At one time TIFF Bell Lightbox was home to more than just the Toronto International Film Festival but also the best film exhibitions that came to Toronto if not all of Canada. These exhibits dedicated to the likes of Stanley Kubrick, James Bond, Tim Burton, and David Cronenberg were the stuff dreams are made of- exhibits where you could get a real taste and feel for how the very best filmmakers were inspired to create their masterpieces.

Sadly these exhibits proved too costly, and they were understandably discontinued. TIFF then created a smaller annual exhibit entitled digiPlaySpace- a playful exhibit for children to understand digital space.

Now with TIFF Picture Palace, the evolution of digiPlaySpace, they open a window for people of all ages to understand the joys of filmmaking and the processes behind the making of your favourite films and television shows.

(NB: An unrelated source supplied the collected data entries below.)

(* Let $\beta\in(\frac{1+\sqrt5}{2},2)$. If the quasi-greedy orbit of $1$ hits $\beta^{-1}(\beta-1)^{-1}$ for the first time (there is a minimal $k\ge1$ with $Q^k(1)=\beta^{-1}(\beta-1)^{-1}$ and $Q^i(1)\notin[\beta^{-1},\beta^{-1}(\beta-1)^{-1}]$ for $1\le i<k$), then $\widetilde U_\beta$ is a subshift of finite type.
   Context: $\widetilde U_\beta\subseteq\{0,1\}^{\mathbb{N}}$ is the set of sequences $(a_n)$ that are the unique $\beta$-expansion (sequence with $x=\sum a_n\beta^{-n}$) of the number they represent. The quasi-greedy expansion $(\eta_i)$ of $1$ equals the greedy $\beta$-expansion of $1$ (generated by $G(x)=\beta x\bmod1$ on $[0,1)$, $G(x)=\beta x-1$ on $[1,(\beta-1)^{-1}]$) if that is infinite; if the greedy expansion is $a_1\cdots a_n0^\infty$ with $a_n=1$, then $(\eta_i)=(a_1\cdots a_{n-1}(a_n-1))^\infty$. The quasi-greedy orbit of $1$ is $Q^i(1)=\sum_{j\ge1}\eta_{i+j}\beta^{-j}$, $i\ge1$. A subshift of finite type is a set of all sequences avoiding some finite set of forbidden words. *)

From Stdlib Require Import Reals Lra Lia List Arith.
Open Scope R_scope.

(* Sequences in {0,1}^N are represented as nat -> bool, 0-indexed:
   a 0 is the first digit a_1 of the paper. *)
Definition digR (b : bool) : R := if b then 1 else 0.

Definition bval (beta : R) (a : nat -> bool) (x : R) : Prop :=
  infinite_sum (fun n => digR (a n) / beta ^ (S n)) x.

Definition Ubeta (beta : R) (a : nat -> bool) : Prop :=
  exists x, bval beta a x /\
    forall b : nat -> bool, bval beta b x -> forall n, b n = a n.

Definition occurs_at (w : list bool) (a : nat -> bool) (k : nat) : Prop :=
  forall i, (i < length w)%nat -> a (k + i)%nat = nth i w false.

Definition is_SFT (S : (nat -> bool) -> Prop) : Prop :=
  exists F : list (list bool),
    forall a, S a <-> (forall w, In w F -> forall k, ~ occurs_at w a k).

Definition Gmap (beta x : R) : R :=
  if Rlt_dec x 1 then frac_part (beta * x) else beta * x - 1.

(* digit produced by G at y: floor(beta y) on [0,1) (which is 0 or 1), and 1 on [1, ...] *)
Definition greedy_digit (beta y : R) : bool :=
  if Rlt_dec y 1 then (if Rle_dec 1 (beta * y) then true else false) else true.

Definition greedy1 (beta : R) (n : nat) : bool :=
  greedy_digit beta (Nat.iter n (Gmap beta) 1).

Definition quasi_greedy1 (beta : R) (eta : nat -> bool) : Prop :=
  ((forall N, exists n, (N <= n)%nat /\ greedy1 beta n = true) /\
     forall k, eta k = greedy1 beta k)
  \/
  (exists m : nat, greedy1 beta m = true /\
     (forall j, (m < j)%nat -> greedy1 beta j = false) /\
     forall k, eta k = (if Nat.eqb (k mod (S m)) m then false
                        else greedy1 beta (k mod (S m)))).

(* Q^i(1) = sum_{j>=1} eta_{i+j} beta^{-j} *)
Definition Qorb (beta : R) (eta : nat -> bool) (i : nat) (q : R) : Prop :=
  bval beta (fun j => eta (i + j)%nat) q.

From Stdlib Require Import Reals Lra Lia List Arith.
From Coquelicot Require Import Coquelicot.
Open Scope R_scope.

(* A sequence c is the unique expansion of its value iff no digit can be swapped against its
   tail: after every 0 the tail has value < 1, and after every 1 the tail has value
   > 1/(beta-1) - 1; the second condition is the first one for the reflected sequence 1 - c.
   Let k be the first time the quasi-greedy orbit of 1 hits 1/(beta(beta-1)).  For a tail w of
   value < 1, the block w_0 ... w_k is lexicographically below eta_0 ... eta_k: a first
   difference w_j = 1 > eta_j = 0 with 0 < j < k would put Q^j(1) in the excluded window
   [1/beta, 1/(beta(beta-1))], and agreement up to k forces the digit 1 at k followed by a tail
   violating the condition there.  Conversely, a tail of value >= 1 whose first k+1 digits are
   already below eta must read ... 0 1 1 1 ..., which the same test rejects at that 0.  So
   uniqueness is the avoidance of 0u and of the reflection of 0u for the finitely many words u
   of length k+1 that are not below eta_0 ... eta_k. *)

Definition shift (c : nat -> bool) (n : nat) : nat -> bool := fun i => c (n + i)%nat.

Definition negs (c : nat -> bool) : nat -> bool := fun i => negb (c i).

Lemma digR_bounds (x : bool) : 0 <= digR x <= 1.
Proof. destruct x; simpl; lra. Qed.

Section Value.

Variable b : R.
Hypothesis b_gt1 : 1 < b.

Definition value (c : nat -> bool) : R := Series (fun n => digR (c n) / b ^ S n).

Lemma ex_series_digits (c : nat -> bool) : ex_series (fun n => digR (c n) / b ^ S n).
Proof.
  apply (@ex_series_le R_AbsRing R_CompleteNormedModule _ (fun n => (/ b) ^ n)).
  - intro n. change (norm _) with (Rabs (digR (c n) / b ^ S n)).
    assert (0 < b ^ n) by (apply pow_lt; lra).
    pose proof (digR_bounds (c n)).
    rewrite pow_inv, Rabs_pos_eq; simpl.
    + apply Rmult_le_reg_r with (b * b ^ n); [nra|].
      unfold Rdiv. rewrite Rmult_assoc, Rinv_l by nra.
      replace (/ b ^ n * (b * b ^ n)) with b by (field; lra). nra.
    + apply Rdiv_le_0_compat; nra.
  - apply ex_series_geom. rewrite Rabs_pos_eq by (left; apply Rinv_0_lt_compat; lra).
    rewrite <- Rinv_1. apply Rinv_lt_contravar; lra.
Qed.

Lemma bval_value (c : nat -> bool) : bval b c (value c).
Proof. apply is_series_Reals, Series_correct, ex_series_digits. Qed.

Lemma bval_unique (c : nat -> bool) (x : R) : bval b c x -> x = value c.
Proof. intro H. symmetry. apply is_series_unique, is_series_Reals, H. Qed.

Lemma value_ext (c d : nat -> bool) : (forall n, c n = d n) -> value c = value d.
Proof. intro H. apply Series_ext. intro n. now rewrite H. Qed.

Lemma value_cons (c : nat -> bool) : b * value c = digR (c 0%nat) + value (shift c 1).
Proof.
  unfold value. rewrite Series_incr_1 by apply ex_series_digits.
  rewrite (Series_ext _ (fun n => / b * (digR (shift c 1 n) / b ^ S n))).
  - rewrite Series_scal_l. simpl. field. lra.
  - intro n. unfold shift. simpl. field. split; [apply pow_nonzero|]; lra.
Qed.

Lemma value_shift (c : nat -> bool) (n : nat) :
  b * value (shift c n) = digR (c n) + value (shift c (S n)).
Proof.
  rewrite value_cons, (value_ext (shift (shift c n) 1) (shift c (S n))).
  - change (shift c n 0) with (c (n + 0)%nat). now rewrite Nat.add_0_r.
  - intro i. unfold shift. f_equal. lia.
Qed.

Lemma value_ones : value (fun _ => true) = / (b - 1).
Proof.
  pose proof (value_cons (fun _ => true)) as H.
  change (shift (fun _ => true) 1) with (fun _ : nat => true) in H. simpl in H.
  apply (Rmult_eq_reg_r (b - 1)); [|lra]. rewrite Rinv_l by lra. lra.
Qed.

Lemma value_zeros : value (fun _ => false) = 0.
Proof.
  pose proof (value_cons (fun _ => false)) as H.
  change (shift (fun _ => false) 1) with (fun _ : nat => false) in H. simpl in H.
  assert (Hz : (b - 1) * value (fun _ => false) = 0) by lra.
  apply Rmult_integral in Hz. lra.
Qed.

Lemma value_bounds (c : nat -> bool) : 0 <= value c <= / (b - 1).
Proof.
  rewrite <- value_zeros, <- value_ones.
  split; apply Series_le; try apply ex_series_digits; intro n;
    assert (0 < / b ^ S n) by (apply Rinv_0_lt_compat, pow_lt; lra);
    unfold Rdiv; destruct (c n); cbn [digR]; lra.
Qed.

Lemma mult_b_max : b * / (b - 1) = 1 + / (b - 1).
Proof. field. lra. Qed.

Lemma value_negs (c : nat -> bool) : value (negs c) = / (b - 1) - value c.
Proof.
  rewrite <- value_ones. unfold value.
  rewrite <- Series_minus by apply ex_series_digits.
  apply Series_ext. intro n. unfold negs. destruct (c n); cbn [negb digR]; field;
    apply pow_nonzero; lra.
Qed.

Lemma value_max_ones (c : nat -> bool) : / (b - 1) <= value c -> forall i, c i = true.
Proof.
  intro Hc.
  assert (Htail : forall n, value (shift c n) = / (b - 1)).
  { induction n as [|n IH].
    - pose proof (value_bounds c). change (value (shift c 0)) with (value c). lra.
    - pose proof (value_shift c n) as H. rewrite IH, mult_b_max in H.
      pose proof (value_bounds (shift c (S n))). pose proof (digR_bounds (c n)). lra. }
  intro i. pose proof (value_shift c i) as H. rewrite !Htail, mult_b_max in H.
  destruct (c i); [reflexivity|]. cbn in H. lra.
Qed.

Lemma value_tail_diff (c d : nat -> bool) (j : nat) :
  (forall i, (i < j)%nat -> c i = d i) ->
  value (shift c j) - value (shift d j) = b ^ j * (value c - value d).
Proof.
  induction j as [|j IH]; intro Hcd.
  - cbn. change (value (shift c 0)) with (value c).
    change (value (shift d 0)) with (value d). ring.
  - pose proof (value_shift c j). pose proof (value_shift d j).
    rewrite (Hcd j) in * by lia.
    rewrite <- tech_pow_Rmult, Rmult_assoc, <- IH by (intros; apply Hcd; lia). lra.
Qed.

Lemma value_shift_shift (c : nat -> bool) (m n : nat) :
  value (shift (shift c m) n) = value (shift c (m + n)).
Proof. apply value_ext. intro i. unfold shift. f_equal. lia. Qed.

Lemma value_tail_ge_of_true (c : nat -> bool) (j : nat) : c j = true -> / b <= value (shift c j).
Proof.
  intro Hcj. pose proof (value_shift c j) as H. rewrite Hcj in H. cbn [digR] in H.
  pose proof (value_bounds (shift c (S j))).
  assert (b * / b = 1) by (field; lra). assert (0 < / b) by (apply Rinv_0_lt_compat; lra).
  nra.
Qed.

The interactive nature of this exhibit allows for the exploration of filmmaking to be ‘Instagram-rich’ which is a growing trend around the city with other exhibits and installations like the AGO’s Yayoi Kusama exhibit, Happy Place, and the Museum of Illusions creating fun and colourful photo opportunities. It’s a bit meta when you think about it- an exhibit about the making of moving pictures encouraging and creating opportunities for the making of more moving images.

TIFF Picture Palace focuses on three critical aspects of movie making: Camera, lighting, and sound. I do wish they had also put an emphasis on production design and costume design, but it may have muddied the waters. Keeping it paired back to these three categories allows the novice to explore these easily understood concepts in fun and exciting ways.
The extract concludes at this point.